◆ Directions
Filter the entries below, keeping only lines with "bigcupP".

◆ Exercise data
Lemma targets_near (I : finType) (t : I -> V) u : exists K,
  (forall i, t i \in nbhd_iter e K [set u]) /\
  (INR (K + delta) <= 4 * INR delta * INR l * ln (INR #|V|))%R.
Proof.
have [h [large_h h_bd]] := exists_radius u (leqnn #|V|.+1).
have /fin_all_exists [g g_spec] := fun i => exists_radius (t i) (leqnSn #|V|).
pose G := \max_i g i.
have G_bd : G = 0 \/ (rate l ^ G.-1 * 2 <= INR #|V|.-1)%R.
  rewrite /G; elim/big_ind: _ => [|x y x_bd y_bd|i _]; first by left.
    by rewrite /maxn; case: ltnP.
  exact: (g_spec i).2.
exists ((h + G) * delta); split.
  move=> i; have [large_g _] := g_spec i.
  have near_i : t i \in nbhd_iter e ((h + g i) * delta) [set u].
    by apply: ball_meet; lia.
  apply: subsetP near_i; apply: nbhd_iter_leq.
  by rewrite leq_mul2r leq_add2l leq_bigmax orbT.
have := radius_sum_bound V_gt1 l_gt0 h_bd G_bd.
rewrite -mulSnr mult_INR; have := pos_INR delta; nra.
Qed.

End Balls.

(** * Breadth-first trees *)

Lemma next_neq_prev (T : eqType) (c : seq T) x :
  uniq c -> x \in c -> 3 <= size c -> next c x != prev c x.
Proof.
move=> uniq_c c_x size_c.
rewrite -(next_rot (index x c) uniq_c) -(prev_rot (index x c) uniq_c).
have := size_c; rewrite -(size_rot (index x c)); have := uniq_c.
rewrite -(rot_uniq (index x c)) (rot_index c_x).
case: (_ ++ _) => [|a [|b t]] // + _.
rewrite cons_uniq => /andP [x_notin]; rewrite cons_uniq => /andP [a_notin _].
rewrite next_nth prev_nth mem_head (memNindex x_notin) [index _ _]/= eqxx [nth _ _ _]/=.
apply: contraNneq a_notin => ->; rewrite [size _]/= [nth _ _ _]/=; exact: mem_nth.
Qed.

Lemma tadj_sym (V : finType) (ET : {set {set V}}) : symmetric (tadj ET).
Proof. by move=> x y; rewrite /tadj eq_sym setUC. Qed.

Section BfsTree.

Variables (V : finType) (e : rel V) (v : V) (K : nat).
Hypothesis e_sym : symmetric e.

Local Notation N k := (nbhd_iter e k [set v]).

(* The distance from [v] when it is at most [K], and [K.+1] otherwise. *)
Definition level (w : V) := find (fun k => w \in N k) (iota 0 K.+1).

Section Level.

Variable w : V.
Hypothesis w_near : w \in N K.

Let has_level : has (fun k => w \in N k) (iota 0 K.+1).
Proof. by apply/hasP; exists K; rewrite // mem_iota add0n ltnS leqnn. Qed.

Lemma level_leq : level w <= K.
Proof. by have := has_level; rewrite has_find size_iota. Qed.

Lemma mem_level : w \in N (level w).
Proof. by have := nth_find 0 has_level; rewrite nth_iota ?add0n // ltnS level_leq. Qed.

Lemma level_eq0 : level w = 0 -> w = v.
Proof. by move=> level0; have := mem_level; rewrite level0 inE => /eqP. Qed.

End Level.

Lemma level_min w k : k <= K -> w \in N k -> level w <= k.
Proof.
move=> le_kK w_k; rewrite leqNgt; apply/negP => /(before_find 0).
by rewrite nth_iota ?add0n ?w_k // ltnS.
Qed.

Lemma level_root : level v = 0.
Proof. by apply/eqP; rewrite -leqn0 level_min // inE. Qed.

Lemma exists_parent w : w \in N K -> 0 < level w ->
  exists z, [&& z \in N K, level z == (level w).-1 & e z w].
Proof.
move=> w_near level_gt0; have le_K := level_leq w_near.
have : w \in N (level w).-1.+1 by rewrite prednK // mem_level.
move=> /nbhdP [z z_N zw]; have {}z_N : z \in N (level w).-1 := z_N.
have w_notin : w \notin N (level w).-1.
  apply/negP => w_in; have := level_min (k := (level w).-1) ltac:(lia) w_in; lia.
have {zw} e_zw : e z w.
  by case/orP: zw => // /eqP eq_zw; case/negP: w_notin; rewrite -{1}eq_zw.
have z_near : z \in N K by apply: subsetP z_N; apply: nbhd_iter_leq; lia.
have le_z := level_min (k := (level w).-1) ltac:(lia) z_N.
have : level w <= (level z).+1.
  by apply: level_min; [lia | apply/nbhdP; exists z; rewrite ?mem_level ?e_zw ?orbT].
by exists z; rewrite z_near e_zw andbT; apply/eqP; lia.
Qed.

Definition parent w :=
  odflt w [pick z | [&& z \in N K, level z == (level w).-1 & e z w]].

Lemma parentP w : w \in N K -> 0 < level w ->
  [/\ parent w \in N K, level (parent w) = (level w).-1 & e (parent w) w].
Proof.
move=> w_near level_gt0; rewrite /parent; case: pickP => [z /and3P [-> /eqP -> ->] //|].
by move=> none; have [z] := exists_parent w_near level_gt0; rewrite none.
Qed.

Lemma iter_parent w m : w \in N K -> m <= level w ->
  iter m parent w \in N K /\ level (iter m parent w) = level w - m.
Proof.
move=> w_near; elim: m => [|m IHm] lt_m; first by rewrite subn0.
have [near level_eq] := IHm (ltnW lt_m).
have [] := parentP near; first by rewrite level_eq subn_gt0.
by rewrite iterS level_eq subnS => ->.
Qed.

Lemma iter_parent_root w : w \in N K -> iter (level w) parent w = v.
Proof.
move=> w_near; have [near level_eq] := iter_parent w_near (leqnn _).
by apply: level_eq0 near _; rewrite level_eq subnn.
Qed.

Variable X : {set V}.
Hypothesis X_near : X \subset N K.

Definition bfs_vertices :=
  v |: \bigcup_(x in X) [set iter (val m) parent x | m : 'I_(level x)].

Definition bfs_edges := [set [set w; parent w] | w in bfs_vertices :\ v].

Lemma bfs_verticesP w : reflect
  (w = v \/ exists2 x, x \in X & exists2 m, m < level x & w = iter m parent x)
  (w \in bfs_vertices).
Proof.
apply: (iffP setU1P) =>
  [[-> | /bigcupP [x X_x /imsetP [m _ ->]]] | [-> | [x X_x [m lt_m ->]]]].
- by left.
- by right; exists x => //; exists m.
- by left.
- by right; apply/bigcupP; exists x => //; apply/imsetP; exists (Ordinal lt_m).
Qed.

Lemma bfs_vertices_near w : w \in bfs_vertices -> w \in N K.
Proof.
case/bfs_verticesP => [-> | [x /(subsetP X_near) x_near [m lt_m ->]]].
  by apply: subsetP (subset_nbhd_iter _ _ _) _ _; rewrite set11.
by have [] := iter_parent x_near (ltnW lt_m).
Qed.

◆ Written answer
  [[-> | /bigcupP [x X_x /imsetP [m _ ->]]] | [-> | [x X_x [m lt_m ->]]]].
- by right; apply/bigcupP; exists x => //; apply/imsetP; exists (Ordinal lt_m).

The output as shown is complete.